“There is an urgent need for every other possible thing, but the things of God don’t seem urgent.”
On September 25, Metropolitan Hilarion of Volokolamsk, president of the Department of External Church Relations of the Patriarchate of Moscow, was in Rome for an ecumenical meeting. He took advantage of the occasion to present Pope Francis and Pope Emeritus Benedict XVI a copy of Volume 11 of the Complete Works of Joseph Ratzinger, the tome collecting his writings on the Theology of the Liturgy. The work was translated and published in Russian by the Patriarchate of Moscow’s publishing house.
Benedict XVI affirms that “the essence of the liturgy in the East and the West is one and the same” despite the differences between them.
It was one of the messages he wished to convey in the prologue, for readers of the translation of the book. “And I hope that this book will also help Christians in Russia to understand in a new and better way the great gift that has been given us in the Holy Liturgy,” he wrote.
St. Benedict has been proposed by the Pope Emeritus as a teacher of the centrality of God in the life of man, which is more important than anything else that man does; thus, the liturgy is a “priority” in man’s relationship with God.

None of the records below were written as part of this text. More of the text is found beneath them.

Lemma Dset_reducer z u : Dset A z -> reduces_distance u z -> inker A u -> u <> 0 ->
  u = z \/ u = - z.
Proof.
move=> [kz [nz [npos nneg]]] /reduces_distanceP [e Eu hcase] ku nu.
have ke : inker A e by case: Eu => ->; [|apply: inkerN].
suff : e = z \/ e = - z.
  case: Eu => -> [] ez; [left|right|right|left]; rewrite -?ez ?opprK //.
  exact: oppr_inj.
have ne : e <> 0 by case: Eu => -> // /eqP; rewrite oppr_eq0 => /eqP.
case: hcase => [[hnn hlt]|[hnn hlt]].
- have [v0|nv] := classic (z + e = 0).
    by right; apply: col_eq => i; have := eq_entry i v0; entry_lia.
  case: npos; exists (- e), (z + e).
  split; first exact: inkerN.
  split; first exact: inkerD.
  split; first by move/eqP; rewrite oppr_eq0 => /eqP.
  do 2 split=> //; first by rewrite addrCA addNr addr0.
  by split=> // i; have := hnn i; rewrite /vpos; entry_lia.
- have [v0|nv] := classic (z - e = 0).
    by left; apply: col_eq => i; have := eq_entry i v0; entry_lia.
  case: nneg; exists e, (z - e).
  do 2 split=> //; first exact: inkerD kz (inkerN ke).
  do 3 split=> //; first by rewrite addrC subrK.
  split; last by rewrite -norm1N opprB.
  by move=> i; have := hnn i; rewrite /vneg; entry_lia.
Qed.

Lemma distance_reducing_connects B : (forall u, B u -> inker A u) ->
  distance_reducing A B -> connects A B.
Proof.
move=> kB DR; split=> //.
suff IH N z : (norm1 z < N)%N -> inker A z -> reach B (zpos z) (zneg z).
  by move=> z; apply: IH (ltnSn _).
elim: N z => // N IH z hN kz.
have [->|nz] := classic (z = 0); first by rewrite zpos0 zneg0; apply: reach0.
have [u Bu /reduces_distanceP [e Eu hcase]] := DR z kz nz.
have ke : inker A e by case: Eu => ->; [|apply: inkerN]; apply: kB.
have step y : nonneg (y + e) -> reach B y (y + e).
  by move=> hy; apply: reach1 Bu _ hy; case: Eu => ->; [left|right].
case: hcase => [[hnn hlt]|[hnn hlt]].
- apply: reach_trans (step _ hnn) (reach_diff hnn (nonneg_zneg z) _).
  rewrite (_ : zpos z + e - zneg z = z + e); last by col_lia.
  by apply: IH (leq_trans hlt hN) (inkerD kz ke).
- apply: reach_sym (nonneg_zneg z) _.
  apply: reach_trans (step _ hnn) (reach_diff hnn (nonneg_zpos z) _).
  rewrite (_ : zneg z + e - zpos z = e - z); last by col_lia.
  by apply: IH (leq_trans hlt hN) (inkerD ke (inkerN kz)).
Qed.

Lemma minimal_connecting_distance_reducing B :
  minimal_connecting A B -> distance_reducing A B -> minimal_distance_reducing A B.
Proof.
move=> [[kB _] hmin] DR; split=> //; split=> // B' sB' DR'.
by apply: hmin => //; apply: distance_reducing_connects => // u /sB' /kB.
Qed.

Lemma distance_reducing_exchange_opp B z :
  distance_reducing A B -> distance_reducing A (exchange B z (- z)).
Proof.
move=> DR w kw nw; have [u Bu hr] := DR w kw nw.
have [euz|nuz] := classic (u = z); last by exists u => //; left.
by exists (- z); [right | apply: reduces_distanceN; rewrite -euz].
Qed.

End Distance.

Section ToricIdeal.
Variables (d n : nat) (A : 'M[int]_(d, n)) (K : fieldType).
Local Notation poly := {mpoly K[n]}.
Implicit Types (G : poly -> Prop) (B : 'cV[int]_n -> Prop) (g x y z u : 'cV[int]_n).

Lemma in_ideal_gen0 G : in_ideal_gen G 0.
Proof. by exists [::]; rewrite big_nil. Qed.

Lemma in_ideal_genD G p q :
  in_ideal_gen G p -> in_ideal_gen G q -> in_ideal_gen G (p + q).
Proof.
move=> [s1 [h1 ->]] [s2 [h2 ->]]; exists (s1 ++ s2); rewrite big_cat; split=> // c.
by rewrite mem_cat => /orP[/h1|/h2].
Qed.

Lemma in_ideal_genMl G r p : in_ideal_gen G p -> in_ideal_gen G (r * p).
Proof.
move=> [s [h ->]]; exists [seq (r * c.1, c.2) | c <- s]; split.
  by move=> c /mapP [c' /h ? ->].
by rewrite big_map mulr_sumr; apply: eq_bigr => c _; rewrite mulrA.
Qed.
(* Let $G$ be a compactly generated, totally disconnected, locally compact group with modular function $\Delta$, and let $\Gamma$ be a Cayley–Abels graph for $G$. Let $\alpha$ be a vertex of $\Gamma$, let $B_1,\dots,B_n$ be the orbits of $G_\alpha$ on the set $\Gamma(\alpha)$ of neighbours of $\alpha$, and for each $i$ choose $g_i\in G$ with $\alpha g_i\in B_i$. Then $$\mathrm{im}(\Delta)=\left\langle \frac{|(\alpha g_1)G_\alpha|}{|(\alpha g_1^{-1})G_\alpha|},\dots,\frac{|(\alpha g_n)G_\alpha|}{|(\alpha g_n^{-1})G_\alpha|}\right\rangle\le \mathbb{Q}^{+}.$$ In particular, $\mathrm{im}(\Delta)$ is a finitely generated free abelian subgroup of the multiplicative group of positive rationals.
   Context: Groups act on the right. A Cayley–Abels graph for a totally disconnected, locally compact group $G$ is a connected, locally finite simple graph with an action of $G$ by automorphisms that is vertex-transitive with compact open vertex stabilizers. The modular function $\Delta\colon G\to\mathbb{R}^{+}$ is defined via a right-invariant Haar measure $\mu$ by $\mu(gA)=\Delta(g)\mu(A)$; equivalently, for any compact open subgroup $U$, $\Delta(g)=|U:U\cap g^{-1}Ug|/|g^{-1}Ug:U\cap g^{-1}Ug|$. *)

From HB Require Import structures.
From mathcomp Require Import all_boot all_order all_algebra.
From mathcomp Require Import all_classical all_reals all_analysis.
From Stdlib Require Import Relation_Operators.

Set Implicit Arguments.
Unset Strict Implicit.
Unset Printing Implicit Defensive.

Import Order.TTheory GRing.Theory Num.Theory.
Local Open Scope classical_set_scope.
Local Open Scope card_scope.

Record topgroup (G : topologicalType) := TopGroup {
  gmul : G -> G -> G;
  ginv : G -> G;
  gone : G;
  gmulA : forall x y z, gmul x (gmul y z) = gmul (gmul x y) z;
  gmul1g : forall x, gmul gone x = x;
  gmulg1 : forall x, gmul x gone = x;
  gmulVg : forall x, gmul (ginv x) x = gone;
  gmulgV : forall x, gmul x (ginv x) = gone;
  gmul_cont : continuous (fun p : G * G => gmul p.1 p.2);
  ginv_cont : continuous ginv
}.

Definition tdlc (G : topologicalType) : Prop :=
  totally_disconnected [set: G] /\ locally_compact [set: G].

Section GroupNotions.
Context {G : topologicalType} (T : topgroup G).

Local Notation "x * y" := (gmul T x y).
Local Notation "x ^-1" := (ginv T x).

Definition is_subgroup (S : set G) : Prop :=
  S (gone T) /\ (forall x y, S x -> S y -> S (x * y)) /\
  (forall x, S x -> S (x ^-1)).

Definition generated (K : set G) : set G :=
  fun g => forall S : set G, is_subgroup S -> K `<=` S -> S g.

Definition compactly_generated : Prop :=
  exists K : set G, compact K /\ generated K = [set: G].

Definition conj_set (U : set G) (g : G) : set G :=
  [set g^-1 * u * g | u in U].

Definition rcoset (H : set G) (g : G) : set G := [set h * g | h in H].

Definition index_is (K H : set G) (n : nat) : Prop :=
  [set rcoset H k | k in K] #= `I_n.

(* Delta(g) = |U : U cap g^-1Ug| / |g^-1Ug : U cap g^-1Ug|, computed with
   the compact open subgroup U. *)
Definition modular_value (U : set G) (g : G) (r : rat) : Prop :=
  exists m n : nat,
    index_is U (U `&` conj_set U g) m /\
    index_is (conj_set U g) (U `&` conj_set U g) n /\
    r = (m%:R / n%:R)%R.

Definition compact_open_subgroup (U : set G) : Prop :=
  is_subgroup U /\ compact U /\ open U.

End GroupNotions.

Definition simple_graph {V : Type} (E : V -> V -> Prop) : Prop :=
  (forall u v, E u v -> E v u) /\ (forall u, ~ E u u).

Definition connected_graph {V : Type} (E : V -> V -> Prop) : Prop :=
  forall u v, clos_refl_trans V E u v.

Definition locally_finite {V : Type} (E : V -> V -> Prop) : Prop :=
  forall v, finite_set [set w | E v w].

Section Action.
Context {G : topologicalType} (T : topgroup G) {V : Type}.

Definition right_action (act : V -> G -> V) : Prop :=
  (forall v, act v (gone T) = v) /\
  (forall v g h, act v (gmul T g h) = act (act v g) h).

Definition stabilizer (act : V -> G -> V) (a : V) : set G :=
  [set g | act a g = a].

Definition orbit_under (act : V -> G -> V) (S : set G) (b : V) : set V :=
  [set act b g | g in S].

Definition cayley_abels (E : V -> V -> Prop) (act : V -> G -> V) : Prop :=
  simple_graph E /\ connected_graph E /\ locally_finite E /\
  right_action act /\
  (forall u v g, E u v <-> E (act u g) (act v g)) /\
  (forall u v, exists g, act u g = v) /\
  (forall a, compact (stabilizer act a) /\ open (stabilizer act a)).

End Action.

Definition rat_generated (n : nat) (q : 'I_n -> rat) : set rat :=
  [set r | exists e : 'I_n -> int, r = (\prod_(i < n) (q i ^ e i))%R].

From HB Require Import structures.
From mathcomp Require Import all_boot all_order all_algebra.
From mathcomp Require Import all_classical all_reals all_analysis.
From mathcomp Require Import zify.
From Stdlib Require Import Relation_Operators Operators_Properties.
Import Order.TTheory GRing.Theory Num.Theory.

(* Fix a compact open subgroup U.  For compact open subgroups A, B the ratio
   |A : A cap B| / |B : A cap B| is well defined, and computing it through a
   common subgroup D <= A cap B shows that it is a multiplicative cocycle in
   (A, B).  Consequently Delta(h), the ratio for (U, h^-1 U h), does not
   depend on U and is a homomorphism G -> Q^+ that is trivial on U.
   Take U = G_alpha.  Every neighbour of alpha lies in a double coset
   G_alpha g_i G_alpha, so along a path alpha = v_0, ..., v_m = alpha h the
   value Delta(h) is a product of the Delta(g_i); conversely each Delta(g_i)
   is a value, hence im(Delta) = <Delta(g_1), ..., Delta(g_n)>.  By the
   orbit-stabiliser correspondence, Delta(g_i) = |alpha g_i G_alpha| /
   |alpha g_i^-1 G_alpha|.  Finally every finitely generated subgroup of Q^+
   has a multiplicatively independent basis, found by induction on the finite
   set of primes occurring in its elements, peeling off one p-adic valuation
   at a time. *)

Set Implicit Arguments.
Unset Strict Implicit.
Unset Printing Implicit Defensive.

Local Open Scope classical_set_scope.
Local Open Scope card_scope.

Section TopGroupAlgebra.
Variables (G : topologicalType) (T : topgroup G).
Local Notation "x *g y" := (gmul T x y) (at level 40, left associativity).
Local Notation inv := (ginv T).
Local Notation one := (gone T).
Local Notation sg := (is_subgroup T).

Lemma tmulA x y z : x *g (y *g z) = x *g y *g z. Proof. exact: gmulA. Qed.
Lemma tmul1g x : one *g x = x. Proof. exact: gmul1g. Qed.
Lemma tmulg1 x : x *g one = x. Proof. exact: gmulg1. Qed.
Lemma tmulVg x : inv x *g x = one. Proof. exact: gmulVg. Qed.
Lemma tmulgV x : x *g inv x = one. Proof. exact: gmulgV. Qed.
Lemma tmulKg x y : inv x *g (x *g y) = y.
Proof. by rewrite tmulA tmulVg tmul1g. Qed.
Lemma tmulgK x y : x *g y *g inv y = x.
Proof. by rewrite -tmulA tmulgV tmulg1. Qed.
Lemma tmulgKV x y : x *g inv y *g y = x.
Proof. by rewrite -tmulA tmulVg tmulg1. Qed.
Lemma tinv_uniq x y : x *g y = one -> inv x = y.
Proof. by move=> h; rewrite -[inv x]tmulg1 -h tmulKg. Qed.
Lemma tinvK x : inv (inv x) = x.
Proof. by apply: tinv_uniq; rewrite tmulVg. Qed.
Lemma tinvM x y : inv (x *g y) = inv y *g inv x.
Proof. by apply: tinv_uniq; rewrite -tmulA (tmulA y) tmulgV tmul1g tmulgV. Qed.
Lemma tinv1 : inv one = one.
Proof. by apply: tinv_uniq; rewrite tmul1g. Qed.

Lemma tmulr_cont c : continuous (fun x => x *g c).
Proof.
move=> x; apply: (@continuous2_cvg _ _ _ _ _ _ id (fun=> c) (gmul T) x c).
- by have := @gmul_cont _ T (x, c).
- exact: cvg_id.
- exact: cvg_cst.
Qed.

Lemma tmull_cont c : continuous (fun x => c *g x).
Proof.
move=> x; apply: (@continuous2_cvg _ _ _ _ _ _ (fun=> c) id (gmul T) c x).
- by have := @gmul_cont _ T (c, x).
- exact: cvg_cst.
- exact: cvg_id.
Qed.

Lemma tconj_cont a b : continuous (fun x => a *g x *g b).
Proof.
move=> x; apply: (@continuous_comp _ _ _ (fun x => a *g x) (fun y => y *g b)).
  exact: tmull_cont.
exact: tmulr_cont.
Qed.

Lemma sg1 H : sg H -> H one. Proof. by case. Qed.
Lemma sgM H x y : sg H -> H x -> H y -> H (x *g y).
Proof. by case=> _ [h _]; apply: h. Qed.
Lemma sgV H x : sg H -> H x -> H (inv x).
Proof. by case=> _ [_ h]; apply: h. Qed.

Lemma sgI H K : sg H -> sg K -> sg (H `&` K).
Proof.
move=> sH sK; split; first by split; apply: sg1.
split=> [x y [hx kx] [hy ky]|x [hx kx]]; split.
- exact: sgM. - exact: sgM. - exact: sgV. - exact: sgV.
Qed.

Lemma sg_sym H x y : sg H -> H (x *g inv y) -> H (y *g inv x).
Proof. by move=> sH /(sgV sH); rewrite tinvM tinvK. Qed.

Lemma rcoset_eqP H x y : sg H -> rcoset T H x = rcoset T H y <-> H (x *g inv y).
Proof.
move=> sH; split=> [E|h].
  have : rcoset T H y x by rewrite -E; exists one; [exact: sg1 | rewrite tmul1g].
  by case=> u Hu <-; rewrite tmulgK.
apply/seteqP; split=> z [u Hu <-].
  exists (u *g (x *g inv y)); first exact: sgM.
  by rewrite -tmulA tmulgKV.
exists (u *g (y *g inv x)); first by apply: sgM => //; apply: sg_sym.
by rewrite -tmulA tmulgKV.
Qed.

Definition transversal (K H : set G) (I : finType) (f : I -> G) :=
  [/\ forall i, K (f i), forall i j, H (f i *g inv (f j)) -> i = j &
      forall k, K k -> exists i, H (k *g inv (f i))].

Lemma card_finType (I : finType) : [set: I] #= `I_#|I|.
Proof.
rewrite card_eq_sym; apply: card_eq_trans card_II _.
have -> : [set: 'I_#|I|] = enum_rank @` [set: I].
  apply/seteqP; split=> // j _; exists (enum_val j) => //; exact: enum_valK.
apply: inj_card_eq => x y _ _; exact: enum_rank_inj.
Qed.

Lemma transversal_index K H (I : finType) (f : I -> G) :
  sg H -> transversal K H f -> index_is T K H #|I|.
Proof.
move=> sH [fK finj fcov].
have E : [set rcoset T H k | k in K] = (fun i => rcoset T H (f i)) @` [set: I].
  apply/seteqP; split=> X.
    case=> k Kk <-; have [i hi] := fcov k Kk; exists i => //.
    by apply/esym/rcoset_eqP.
  by case=> i _ <-; exists (f i).
rewrite /index_is E; apply: card_eq_trans (card_finType I).
by apply: inj_card_eq => i j _ _ /(rcoset_eqP _ _ sH) /finj.
Qed.

Lemma index_transversal K H n :
  sg H -> index_is T K H n -> exists f : 'I_n -> G, transversal K H f.
Proof.
move=> sH; rewrite /index_is card_eq_sym => /card_set_bijP [F [Ffun Finj Fsurj]].
have : forall i : 'I_n, exists k, K k /\ rcoset T H k = F i.
  move=> i; have := Ffun (val i) (ltn_ord i); case=> k Kk <-; by exists k.
case/choice=> r hr; exists r; split.
- by move=> i; case: (hr i).
- move=> i j /(rcoset_eqP _ _ sH) e; apply: val_inj; apply: Finj.
  + by apply/mem_set; exact: ltn_ord.
  + by apply/mem_set; exact: ltn_ord.
  by case: (hr i) => _ <-; case: (hr j) => _ <-.
- move=> k Kk; have : [set rcoset T H k | k in K] (rcoset T H k) by exists k.
  case/Fsurj=> m mn Fm; exists (Ordinal mn); apply/(rcoset_eqP _ _ sH).
  by case: (hr (Ordinal mn)) => _ ->.
Qed.

Lemma index_unique K H m n : index_is T K H m -> index_is T K H n -> m = n.
Proof.
move=> a b; apply/card_eq_II; apply: card_eq_trans b.
by rewrite card_eq_sym.
Qed.

Lemma index_gt0 K H n x : sg H -> K x -> index_is T K H n -> (0 < n)%N.
Proof.
move=> sH Kx /(index_transversal sH) [f [_ _ fc]]; have [i _] := fc x Kx.
by case: i => i /=; case: n {f fc} => // _; rewrite ltn0.
Qed.

Lemma index_self A : sg A -> index_is T A A 1.
Proof.
move=> sA.
have r : transversal A A (fun _ : 'I_1 => one).
  split=> //; first by move=> _; exact: sg1.
  - by move=> i j _; apply: val_inj; case: i => [[]] //; case: j => [[]].
  - by move=> k Ak; exists ord0; rewrite tinv1 tmulg1.
by have := transversal_index sA r; rewrite card_ord.
Qed.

“In people’s minds today, things that relate to God, and therefore the liturgy, are not urgent. There is an urgent need for every other possible thing, but the things of God don’t seem urgent. Now, one could say that monastic life is, in any case, different from the life of men and women in the world, and that’s certainly true. Nonetheless, the priority that God should have, but which we have forgotten, is valid for everyone,” Benedict XVI explains.
“If God is no longer important, there is a change in our criteria for establishing what is important. Man, by pushing God into a corner, submits himself to limitations that make him a slave to the forces of matter which are opposed to his dignity.”
Benedict XVI writes that, after the Second Vatican Council, he became more aware once again of the priority of God and of the divine liturgy.
He speaks of a misinterpretation of the liturgical reform which has become widespread in the Catholic Church, and which led to giving pride of place to “the aspect of instruction and of one’s own activity and creativity.” This “has made people almost forget the presence of God,” he added.
“In such a situation,” he continues, “it became clearer and clearer that the existence of the Church lives in the proper celebration of the liturgy, and that the Church is in danger when the primacy of God no longer appears in the liturgy, and therefore in life.”
“The deepest cause of the crisis that has caused turmoil in the Church is rooted in the obfuscation of the priority of God in the liturgy,” he lamented.
Benedict expressed his commitment to the renewal of the liturgy implicit in the renewal of the Church. “All of this led me to dedicate myself more broadly than in the past to the subject of the liturgy, because I knew that a true renewal of the liturgy is a fundamental condition for the renewal of the Church.”
The publication of the translation is the result of cooperation among the Patriarchate of Moscow’s publishing house, the International Association “Sophia: Russian Idea, Idea of Europe,” the International “Sapientia et Scientia” Academy, Libreria Editrice Vaticana, and the Joseph Ratzinger–Benedict XVI Vatican Foundation, which curates the works of the Pope Emeritus.
The Metropolitan confirmed that, in the spring, a solemn presentation of the book will be organized at the Faculty of Theology of the Patriarchate. The translation project will continue with the Russian publication of Benedict’s trilogy on Jesus of Nazareth.